I have this regular expression, /^[a-zA-Z0-9]+$/ , but it doesn’t seem to work, and I get an error message in Rails that says: "The provided regular expression uses multi-line anchors (^ or $), which could be a security risk. Did you mean to use \ A and \ z or forgot to add: multiline => true option? "

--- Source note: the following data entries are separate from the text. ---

(* Reparametrize each quantization noise by [lambda_k >= 1] through
   [Q_k = (D_k a_k + P_k) / (a_k (lambda_k - 1))], [D_k = d_rk^alpha / N].
   Then [1 + D_k / Q_k = u_k(lambda_k) := (a_k lambda_k + b_k) / (a_k + b_k)]
   with [b_k = P_k / D_k], so [I1 = ln a_1 + ln lambda_1 - ln u_1(lambda_1)]
   and [zeta = ln lambda_s - ln u_1 - ln u_2].  Since [1 <= u_k(lambda) <= lambda],
   every feasible point is dominated by one on the curve
   [lambda_1 lambda_2 = lambda_s] whose rates are the individual bounds, so the
   problem reduces to maximizing [Phi(l) = mu_1 F_1(l) + mu_2 F_2(lambda_s / l)]
   over [1 <= l <= lambda_s].  [Phi'(l)] has the sign of [-A l^2 + B l - C]
   with [A >= 0 >= C], whose only positive root is [lambda_o]; hence [Phi]
   increases up to [lambda_1^*] and decreases afterwards.  When [lambda_1^*]
   is an endpoint one of the [Q_k^*] is infinite, and the optimum is only a
   supremum over finite noises, approached by continuity of [Phi]. *)

Lemma exp_le_of_le_ln x y : 0 < y -> x <= ln y -> exp x <= y.
Proof.
  intros Hy [Hlt | ->]; [|rewrite exp_ln; lra].
  left; rewrite <- (exp_ln y) by exact Hy; now apply exp_increasing.
Qed.

Lemma derive_sign_change_max (f f' : R -> R) a b x0 :
  a <= x0 <= b ->
  (forall c, a <= c <= b -> derivable_pt_lim f c (f' c)) ->
  (forall c, a < c < x0 -> 0 <= f' c) ->
  (forall c, x0 < c < b -> f' c <= 0) ->
  forall x, a <= x <= b -> f x <= f x0.
Proof.
  intros Hx0 Hf Hinc Hdec x Hx.
  destruct (Rtotal_order x x0) as [Hlt | [-> | Hgt]]; [| lra |].
  - destruct (MVT_cor2 f f' x x0 Hlt) as [c [Hc Hcx]].
    { intros c Hc; apply Hf; lra. }
    assert (0 <= f' c) by (apply Hinc; lra). nra.
  - destruct (MVT_cor2 f f' x0 x Hgt) as [c [Hc Hcx]].
    { intros c Hc; apply Hf; lra. }
    assert (f' c <= 0) by (apply Hdec; lra). nra.
Qed.
(* Let $\mathbb{F}_{3^6}=\mathbb{F}_3(\xi)$ where $\xi$ is a root of $x^6-x^4+x^2-x-1\in\mathbb{F}_3[x]$, and let $\lambda=\xi^{91}$. Define $$f_1(x)=x^{270}-x^{246}+x^{90}-x^{82}-x^{54}+x^{30}-x^{10}-x^{2},$$ $$f_2(x)=\lambda^3\left(x^{270}-x^{246}-\lambda^2x^{90}+\lambda^2x^{82}-x^{54}+x^{30}+\lambda^2x^{10}+\lambda^2x^2\right),$$ and the commutative presemifields $P_i=(\mathbb{F}_{3^6},+,*_i)$, $i=1,2$, by $x*_i y=\tfrac12\big(f_i(x+y)-f_i(x)-f_i(y)\big)$. Then $P_1$ and $P_2$ are isotopic but not strongly isotopic; equivalently, $f_1$ and $f_2$ are planar functions that are not affine equivalent, while $x*_2y=(\lambda*_1x)*_1y$ for all $x,y$.
   Context: A presemifield $(\mathbb{F}_{p^n},+,* )$ is an algebraic structure where $*$ is biadditive (distributive over $+$) and has no zero divisors. Two presemifields $(\mathbb{F}_{p^n},+,* )$ and $(\mathbb{F}_{p^n},+,\star)$ are isotopic if there exist linearized permutation polynomials $L,M,N\in\mathbb{F}_{p^n}[x]$ with $M(x)\star N(y)=L(x*y)$ for all $x,y$; they are strongly isotopic if such an isotopism exists with $M=N$. Two functions $f,g$ on $\mathbb{F}_{p^n}$ are affine equivalent if $g=l_1\circ f\circ l_2$ with $l_1,l_2$ affine permutations (an affine function being a constant plus a linearized polynomial). A function $f$ on $\mathbb{F}_{p^n}$, $p$ odd, is planar if $x\mapsto f(x+a)-f(x)$ is a bijection for every $a\neq0$. The polynomial $f_1$ is $x\mapsto x\star x$ for the Lunardon–Marino–Polverino–Trombetti–Bierbrauer semifield $(\mathbb{F}_{3^6},+,\star)$ with $q=3,m=3$, and $\lambda$ lies in its middle nucleus but not its nucleus. *)

From HB Require Import structures.
From mathcomp Require Import all_boot all_order all_algebra all_field.
Set Implicit Arguments. Unset Strict Implicit. Unset Printing Implicit Defensive.
Import GRing.Theory.
Local Open Scope ring_scope.

Section Defs.
Variable F : finFieldType.

Definition linearized_fun (p : nat) (L : F -> F) : Prop :=
  exists a : seq F, forall x, L x = \sum_(i < size a) a`_i * x ^+ (p ^ i).

Definition linperm (p : nat) (L : F -> F) : Prop :=
  linearized_fun p L /\ bijective L.

Definition affine_perm (p : nat) (l : F -> F) : Prop :=
  (exists (c : F) (L : F -> F), linearized_fun p L /\ forall x, l x = c + L x)
  /\ bijective l.

Definition affine_equiv (p : nat) (f g : F -> F) : Prop :=
  exists l1 l2 : F -> F, affine_perm p l1 /\ affine_perm p l2 /\
    forall x, g x = l1 (f (l2 x)).
(* Let $G$ be a finite connected graph with a fixed normal orientation $\varepsilon$ and a fixed total order on $E(G)$, and let $e=uv$ be the largest edge of $G$, assumed not to be a loop. Let $\varepsilon_1\neq\varepsilon_2$ be two reduced totally cyclic orientations of $G$ such that $e$ is cycle flippable neither with respect to $\varepsilon_1$ nor with respect to $\varepsilon_2$. Let $\varepsilon_1',\varepsilon_2'$ be the orientations of the contracted graph $G/e$ induced by $\varepsilon_1,\varepsilon_2$. Then $\varepsilon_1'$ and $\varepsilon_2'$ are not Eulerian equivalent.
   Context: An orientation assigns a direction to each edge; it is totally cyclic if every edge lies on a directed cycle. Two orientations $\varepsilon_1,\varepsilon_2$ of a graph are Eulerian equivalent if the spanning subgraph formed by the edges on which they differ, oriented by $\varepsilon_1$, has in-degree equal to out-degree at every vertex. Given the normal orientation $\varepsilon$ and the total order, an orientation $\varepsilon'$ is reduced if for every edge $f$, either $\varepsilon'(f)=\varepsilon(f)$, or there is no cycle that is directed with respect to $\varepsilon'$, contains $f$, and has all its other edges smaller than $f$. An edge $e$ with endpoints $u,v$ is cycle flippable with respect to an orientation if in $G-e$ (with the induced orientation) there are directed paths both from $u$ to $v$ and from $v$ to $u$. *)

(* Finite multigraphs (loops and parallel edges allowed):
   vertices V : finType, edges 'I_m (the total order on edges is the natural
   order of ordinals), and ends f = (x, y) the two endpoints of edge f.
   An orientation o : E -> bool orients f from (ends f).1 to (ends f).2 when
   o f = true and the other way when o f = false. *)
From mathcomp Require Import all_boot.
Set Implicit Arguments. Unset Strict Implicit. Unset Printing Implicit Defensive.

Section Graphs.
Variables (V E : finType) (ends : E -> V * V).

Definition tl (o : E -> bool) (f : E) : V := if o f then (ends f).1 else (ends f).2.
Definition hd (o : E -> bool) (f : E) : V := if o f then (ends f).2 else (ends f).1.

Definition dcycle (o : E -> bool) (c : seq E) : bool :=
  [&& c != [::], cycle (fun f g => hd o f == tl o g) c & uniq (map (tl o) c)].

Definition totally_cyclic (o : E -> bool) : Prop :=
  forall f : E, exists c, dcycle o c /\ f \in c.

Definition eulerian_equiv (o1 o2 : E -> bool) : Prop :=
  forall x : V, #|[set f | (o1 f != o2 f) && (hd o1 f == x)]|
              = #|[set f | (o1 f != o2 f) && (tl o1 f == x)]|.

Definition dstep (o : E -> bool) (e : E) : rel V :=
  fun x y => [exists f, [&& f != e, tl o f == x & hd o f == y]].

Definition cycle_flippable (o : E -> bool) (e : E) : bool :=
  connect (dstep o e) (ends e).1 (ends e).2 && connect (dstep o e) (ends e).2 (ends e).1.

Definition uadj : rel V :=
  fun x y => [exists f, (ends f == (x, y)) || (ends f == (y, x))].

Definition connected : Prop := forall x y : V, connect uadj x y.
(* The class PosLimSup is closed under $\min$, and the class AsLimInf is closed under $\max$.
   Context: A probabilistic weighted automaton over a finite alphabet $\Sigma$ is a tuple $A=(Q,\rho_I,\Sigma,\delta,\gamma)$ where $Q$ is a finite set of states, $\rho_I$ is a probability distribution on $Q$, $\delta:Q\times\Sigma\to\mathcal D(Q)$ assigns to each state and letter a probability distribution on $Q$, and $\gamma:Q\times\Sigma\times Q\to\mathbb Q$ is a weight function. A run over an infinite word $w=\sigma_1\sigma_2\dots$ is a sequence $r=q_0\sigma_1q_1\sigma_2\dots$ with $\rho_I(q_0)>0$ and $\delta(q_i,\sigma_{i+1})(q_{i+1})>0$ for all $i$; its weight sequence is $\gamma(r)=v_0v_1\dots$ with $v_i=\gamma(q_i,\sigma_{i+1},q_{i+1})$. For each $w$, the probabilities of finite run prefixes induce a probability measure $\mathbb P^A$ on runs over $w$. For a value function $\mathrm{Val}$, positive semantics: $L^{>0}_A(w)=\sup\{\eta\mid \mathbb P^A(\{r:\mathrm{Val}(\gamma(r))\ge\eta\})>0\}$; almost-sure semantics: $L^{=1}_A(w)=\sup\{\eta\mid \mathbb P^A(\{r:\mathrm{Val}(\gamma(r))\ge\eta\})=1\}$. $\mathsf{LimSup}(v)=\limsup_n v_n$, $\mathsf{LimInf}(v)=\liminf_n v_n$. PosLimSup is the class of $\mathsf{LimSup}$-automata under positive semantics; AsLimInf is the class of $\mathsf{LimInf}$-automata under almost-sure semantics. A class $\mathcal C$ is closed under $\max$ (resp. $\min$) if for any $A_1,A_2\in\mathcal C$ over the same alphabet there is $A\in\mathcal C$ with $L_A(w)=\max\{L_{A_1}(w),L_{A_2}(w)\}$ (resp. $\min$) for all words $w$. *)

From HB Require Import structures.
From mathcomp Require Import all_boot all_order all_algebra.
From mathcomp Require Import all_classical all_reals all_analysis.
Set Implicit Arguments.
Unset Strict Implicit.
Unset Printing Implicit Defensive.
Import Order.TTheory GRing.Theory Num.Theory.
Local Open Scope classical_set_scope.
Local Open Scope ring_scope.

My complete code for this implementation in my user.rb model is:

 class User < ActiveRecord::Base before_save { self.email = email.downcase } validates :name, presence: true, length: { maximum: 50 } VALID_USERNAME_REGEX = /^[a-zA-Z0-9]+$/ validates :username, presence: true, length: { maximum: 20 }, format: { with: VALID_USERNAME_REGEX }, uniqueness: { case_sensitive: false } VALID_EMAIL_REGEX = /\A[\w+\-.] +@ [az\d\-.]+\.[az]+\z/i validates :email, presence: true, length: { maximum: 255 }, format: { with: VALID_EMAIL_REGEX }, uniqueness: { case_sensitive: false } has_secure_password validates :password, length: { minimum: 6 } end

What am I doing wrong and how can I fix this regular expression so that it is valid only for numbers and letters and spaces? Thanks.

+5
source share
2 answers

Short answer: use /\A[a-zA-Z0-9]+\z/ instead (using VALID_EMAIL_REGEX ).

Long answer: ^ and $ bindings will match the beginning and end of the line in line. This means that if your string consists of several strings of alphanumeric characters, they will correspond to:

 /^[a-zA-Z0-9]+$/ =~ "Ana\nBob\nClara\nDaniel" #=> 0 (matches)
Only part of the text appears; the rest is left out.